→ How to complete this task
When you reach the line containing "unfold Rdiv; rewrite" in the entries below, start writing out each line exactly, and stop after the line containing "alpha * (z *".

[Records from a dataset]
(* Let $\alpha\in\mathbb R$ and let $(x(s),z(s),\psi(s))$ be a solution of the system $$x'=\cos\psi,\quad z'=\sin\psi,\quad \psi'=\alpha\,\frac{z\cos\psi-x\sin\psi}{x^2+z^2}-\frac{\sin\psi}{x},$$ with initial conditions $(x(0),z(0))=(1,0)$, $\psi(0)=\pi/2$. Then the curve $\gamma(s)=(x(s),0,z(s))$ is symmetric about the $x$-axis.
   Context: The system describes the arc-length parametrized generating curve $\gamma$ of a surface of revolution about the $z$-axis satisfying $H=\alpha\langle\nu,p\rangle/|p|^2$ ($H$ the sum of the principal curvatures); the initial conditions mean $\gamma$ meets the $x$-axis orthogonally at $(1,0,0)$. *)

From Stdlib Require Import Reals.
From Coquelicot Require Import Coquelicot.
Open Scope R_scope.

Definition is_solution (alpha a b : R) (x z psi : R -> R) : Prop :=
  forall s, a < s < b ->
    x s <> 0 /\
    is_derive x s (cos (psi s)) /\
    is_derive z s (sin (psi s)) /\
    is_derive psi s
      (alpha * (z s * cos (psi s) - x s * sin (psi s)) / (x s ^ 2 + z s ^ 2)
       - sin (psi s) / x s).

From Stdlib Require Import Reals Lra.
From Coquelicot Require Import Coquelicot.
Open Scope R_scope.

(* The reflection (x, z, psi)(s) |-> (x, -z, pi - psi)(-s) maps solutions of
   the system to solutions, and it fixes the initial data (1, 0, pi/2).  On a
   compact interval around 0 the coordinate x stays away from 0, so the
   right-hand side is Lipschitz along both solutions; Gronwall's inequality for
   the squared distance between them then shows that they coincide. *)

Lemma Rabs_sin_sub_le p q : Rabs (sin p - sin q) <= Rabs (p - q).
Proof.
  destruct (MVT_gen sin q p cos) as [c [_ Hc]].
  - intros; apply is_derive_sin.
  - intros; apply continuity_sin.
  - rewrite Hc, Rabs_mult.
    pose proof (Rabs_pos (p - q)).
    assert (Rabs (cos c) <= 1) by (apply Rabs_le; apply COS_bound).
    nra.
Qed.

Lemma Rabs_cos_sub_le p q : Rabs (cos p - cos q) <= Rabs (p - q).
Proof.
  destruct (MVT_gen cos q p (fun t => - sin t)) as [c [_ Hc]].
  - intros; apply is_derive_cos.
  - intros; apply continuity_cos.
  - rewrite Hc, Rabs_mult, Rabs_Ropp.
    pose proof (Rabs_pos (p - q)).
    assert (Rabs (sin c) <= 1) by (apply Rabs_le; apply SIN_bound).
    nra.
Qed.

Section BoundedNear.

Variable d : R.

Definition bounded_near (B L a A : R) :=
  Rabs a <= B /\ Rabs A <= B /\ Rabs (a - A) <= L * d.

Lemma bounded_near_const c : bounded_near (Rabs c) 0 c c.
Proof. unfold bounded_near; rewrite Rminus_diag, Rabs_R0; lra. Qed.

Lemma bounded_near_sin L p q : Rabs (p - q) <= L * d ->
  bounded_near 1 L (sin p) (sin q).
Proof.
  split; [|split]; try (apply Rabs_le; apply SIN_bound).
  eapply Rle_trans; [apply Rabs_sin_sub_le | assumption].
Qed.

Lemma bounded_near_cos L p q : Rabs (p - q) <= L * d ->
  bounded_near 1 L (cos p) (cos q).
Proof.
  split; [|split]; try (apply Rabs_le; apply COS_bound).
  eapply Rle_trans; [apply Rabs_cos_sub_le | assumption].
Qed.

Lemma bounded_near_add Ba La Bb Lb a A b B :
  bounded_near Ba La a A -> bounded_near Bb Lb b B ->
  bounded_near (Ba + Bb) (La + Lb) (a + b) (A + B).
Proof.
  intros (? & ? & ?) (? & ? & ?).
  split; [|split]; [| |replace (a + b - (A + B)) with ((a - A) + (b - B)) by ring];
    (eapply Rle_trans; [apply Rabs_triang | lra]).
Qed.

Lemma bounded_near_opp B L a A :
  bounded_near B L a A -> bounded_near B L (- a) (- A).
Proof.
  intros (? & ? & ?).
  unfold bounded_near; rewrite !Rabs_Ropp.
  replace (- a - - A) with (- (a - A)) by ring; rewrite Rabs_Ropp; auto.
Qed.

Lemma bounded_near_sub Ba La Bb Lb a A b B :
  bounded_near Ba La a A -> bounded_near Bb Lb b B ->
  bounded_near (Ba + Bb) (La + Lb) (a - b) (A - B).
Proof. intros Ha Hb; apply bounded_near_add; [|apply bounded_near_opp]; auto. Qed.

Lemma bounded_near_mul Ba La Bb Lb a A b B :
  bounded_near Ba La a A -> bounded_near Bb Lb b B ->
  bounded_near (Ba * Bb) (La * Bb + Ba * Lb) (a * b) (A * B).
Proof.
  intros (Ha & HA & Hd) (Hb & HB & He).
  pose proof (Rabs_pos a); pose proof (Rabs_pos A); pose proof (Rabs_pos b);
  pose proof (Rabs_pos B); pose proof (Rabs_pos (a - A)); pose proof (Rabs_pos (b - B)).
  unfold bounded_near; rewrite !Rabs_mult.
  split; [|split]; try (apply Rmult_le_compat; lra).
  replace (a * b - A * B) with ((a - A) * b + A * (b - B)) by ring.
  eapply Rle_trans; [apply Rabs_triang|]; rewrite !Rabs_mult.
  assert (Rabs (a - A) * Rabs b <= La * d * Bb) by (apply Rmult_le_compat; lra).
  assert (Rabs A * Rabs (b - B) <= Ba * (Lb * d)) by (apply Rmult_le_compat; lra).
  lra.
Qed.

Lemma bounded_near_inv B L m a A : 0 < m -> m <= Rabs a -> m <= Rabs A ->
  bounded_near B L a A -> bounded_near (/ m) (L / (m * m)) (/ a) (/ A).
Proof.
  intros Hm Ha HA (_ & _ & Hd).
  assert (a <> 0) by (intros ->; rewrite Rabs_R0 in Ha; lra).
  assert (A <> 0) by (intros ->; rewrite Rabs_R0 in HA; lra).
  unfold bounded_near; rewrite !Rabs_inv.
  split; [|split]; try (apply Rinv_le_contravar; lra).
  replace (/ a - / A) with ((A - a) / (a * A)) by (field; auto).
  replace (L / (m * m) * d) with (L * d * / (m * m)) by (field; lra).
  unfold Rdiv; rewrite Rabs_mult, Rabs_inv, Rabs_mult, Rabs_minus_sym.
  apply Rmult_le_compat; try lra.
  - apply Rabs_pos.
  - left; apply Rinv_0_lt_compat; nra.
  - apply Rinv_le_contravar; nra.
Qed.

End BoundedNear.

Definition curve_field (alpha x z p : R) : R :=
  alpha * (z * cos p - x * sin p) / (x ^ 2 + z ^ 2) - sin p / x.

Lemma sqr_le_Rabs_sum_sqr m x z : 0 <= m -> m <= Rabs x ->
  m * m <= Rabs (x * x + z * z).
Proof.
  intros Hm Hx.
  rewrite Rabs_pos_eq by nra.
  assert (Hxx : m * m <= Rabs x * Rabs x) by (apply Rmult_le_compat; lra).
  rewrite <- Rabs_mult, Rabs_pos_eq in Hxx by nra.
  nra.
Qed.

Lemma curve_field_lipschitz alpha m M : 0 < m ->
  exists L, forall x z p X Z q,
    m <= Rabs x -> m <= Rabs X -> Rabs x <= M -> Rabs X <= M ->
    Rabs z <= M -> Rabs Z <= M ->
    Rabs (curve_field alpha x z p - curve_field alpha X Z q)
      <= L * (Rabs (x - X) + Rabs (z - Z) + Rabs (p - q)).
Proof.
  intros Hm.
  (* L is assembled by unification while the [bounded_near] rules are applied. *)
  eexists; intros x z p X Z q Hx HX HxM HXM HzM HZM.
  set (d := Rabs (x - X) + Rabs (z - Z) + Rabs (p - q)).
  pose proof (Rabs_pos (x - X)); pose proof (Rabs_pos (z - Z)); pose proof (Rabs_pos (p - q)).
  assert (nx : bounded_near d M 1 x X) by (repeat split; unfold d; lra).
  assert (nz : bounded_near d M 1 z Z) by (repeat split; unfold d; lra).
  assert (np : Rabs (p - q) <= 1 * d) by (unfold d; lra).
  eapply (fun H : bounded_near d _ _ _ _ => proj2 (proj2 H)).
  unfold curve_field, Rdiv.
  replace (x ^ 2 + z ^ 2) with (x * x + z * z) by ring.
  replace (X ^ 2 + Z ^ 2) with (X * X + Z * Z) by ring.
  apply bounded_near_sub; apply bounded_near_mul.
  - apply bounded_near_mul; [apply bounded_near_const|].
    apply bounded_near_sub; apply bounded_near_mul;
      eauto using bounded_near_sin, bounded_near_cos.
  - eapply (bounded_near_inv _ _ _ (m * m)).
    + nra.
    + apply sqr_le_Rabs_sum_sqr; lra.
    + apply sqr_le_Rabs_sum_sqr; lra.
    + apply bounded_near_add; apply bounded_near_mul; eauto.
  - apply bounded_near_sin; eauto.
  - eapply (bounded_near_inv _ _ _ m); eauto.
Qed.

Lemma is_derive_continuity_pt (f : R -> R) t l : is_derive f t l -> continuity_pt f t.
Proof.
  intros H; apply continuity_pt_filterlim, (ex_derive_continuous f t).
  exists l; exact H.
Qed.

Lemma gronwall_nonpos (f df : R -> R) K s : 0 <= s ->
  (forall t, 0 <= t <= s -> is_derive f t (df t)) ->
  (forall t, 0 <= t <= s -> df t <= K * f t) ->
  f 0 <= 0 -> f s <= 0.
Proof.
  intros Hs Hf Hdf Hf0.
  set (G := fun t => exp (- K * t) * f t).
  assert (HG : forall t, 0 <= t <= s ->
            is_derive G t (exp (- K * t) * (df t - K * f t))).
  { intros t Ht.
    replace (exp (- K * t) * (df t - K * f t))
      with (- K * exp (- K * t) * f t + exp (- K * t) * df t) by ring.
    apply (is_derive_mult (fun u => exp (- K * u)) f); auto.
    - auto_derive; auto; ring.
    - intros; apply Rmult_comm. }
  destruct (MVT_gen G 0 s (fun t => exp (- K * t) * (df t - K * f t)))
    as [c [Hc HGs]]; rewrite Rmin_left, Rmax_right in * by lra.
  - intros t Ht; apply HG; lra.
  - intros t Ht; eapply is_derive_continuity_pt, HG; lra.
  - assert (exp (- K * c) * (df c - K * f c) <= 0).
    { pose proof (exp_pos (- K * c)); pose proof (Hdf c Hc); nra. }
    assert (G s <= 0) by (unfold G in *; rewrite Rmult_0_r, exp_0 in HGs; nra).
    unfold G in *; pose proof (exp_pos (- K * s)); nra.
Qed.

Lemma sum_mul_le_sum_sqr a1 a2 a3 b1 b2 b3 L : 0 <= L ->
  Rabs b1 <= L * (Rabs a1 + Rabs a2 + Rabs a3) ->
  Rabs b2 <= L * (Rabs a1 + Rabs a2 + Rabs a3) ->
  Rabs b3 <= L * (Rabs a1 + Rabs a2 + Rabs a3) ->
  a1 * b1 + a2 * b2 + a3 * b3 <= 3 * L * (a1 ^ 2 + a2 ^ 2 + a3 ^ 2).
Proof.
  intros HL H1 H2 H3.
  set (d := Rabs a1 + Rabs a2 + Rabs a3) in *.
  assert (Hab : forall a b, Rabs b <= L * d -> a * b <= Rabs a * (L * d)).
  { intros a b Hb; eapply Rle_trans; [apply Rle_abs|].
    rewrite Rabs_mult; apply Rmult_le_compat_l; [apply Rabs_pos | exact Hb]. }
  assert (Hd : d * d <= 3 * (a1 ^ 2 + a2 ^ 2 + a3 ^ 2)).
  { rewrite <- (pow2_abs a1), <- (pow2_abs a2), <- (pow2_abs a3); unfold d.
    pose proof (pow2_ge_0 (Rabs a1 - Rabs a2)); pose proof (pow2_ge_0 (Rabs a2 - Rabs a3));
    pose proof (pow2_ge_0 (Rabs a1 - Rabs a3)); nra. }
  pose proof (Hab a1 b1 H1); pose proof (Hab a2 b2 H2); pose proof (Hab a3 b3 H3).
  assert (L * (d * d) <= L * (3 * (a1 ^ 2 + a2 ^ 2 + a3 ^ 2)))
    by (apply Rmult_le_compat_l; auto).
  assert (Rabs a1 * (L * d) + Rabs a2 * (L * d) + Rabs a3 * (L * d) = L * (d * d))
    by (unfold d; ring).
  lra.
Qed.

→ Answer to this problem
  unfold Rdiv; rewrite Rabs_mult, Rabs_inv, Rabs_mult, Rabs_minus_sym.
  apply Rmult_le_compat; try lra.
  - apply Rabs_pos.
  - left; apply Rinv_0_lt_compat; nra.
  - apply Rinv_le_contravar; nra.
Qed.

End BoundedNear.

Definition curve_field (alpha x z p : R) : R :=
  alpha * (z * cos p - x * sin p) / (x ^ 2 + z ^ 2) - sin p / x.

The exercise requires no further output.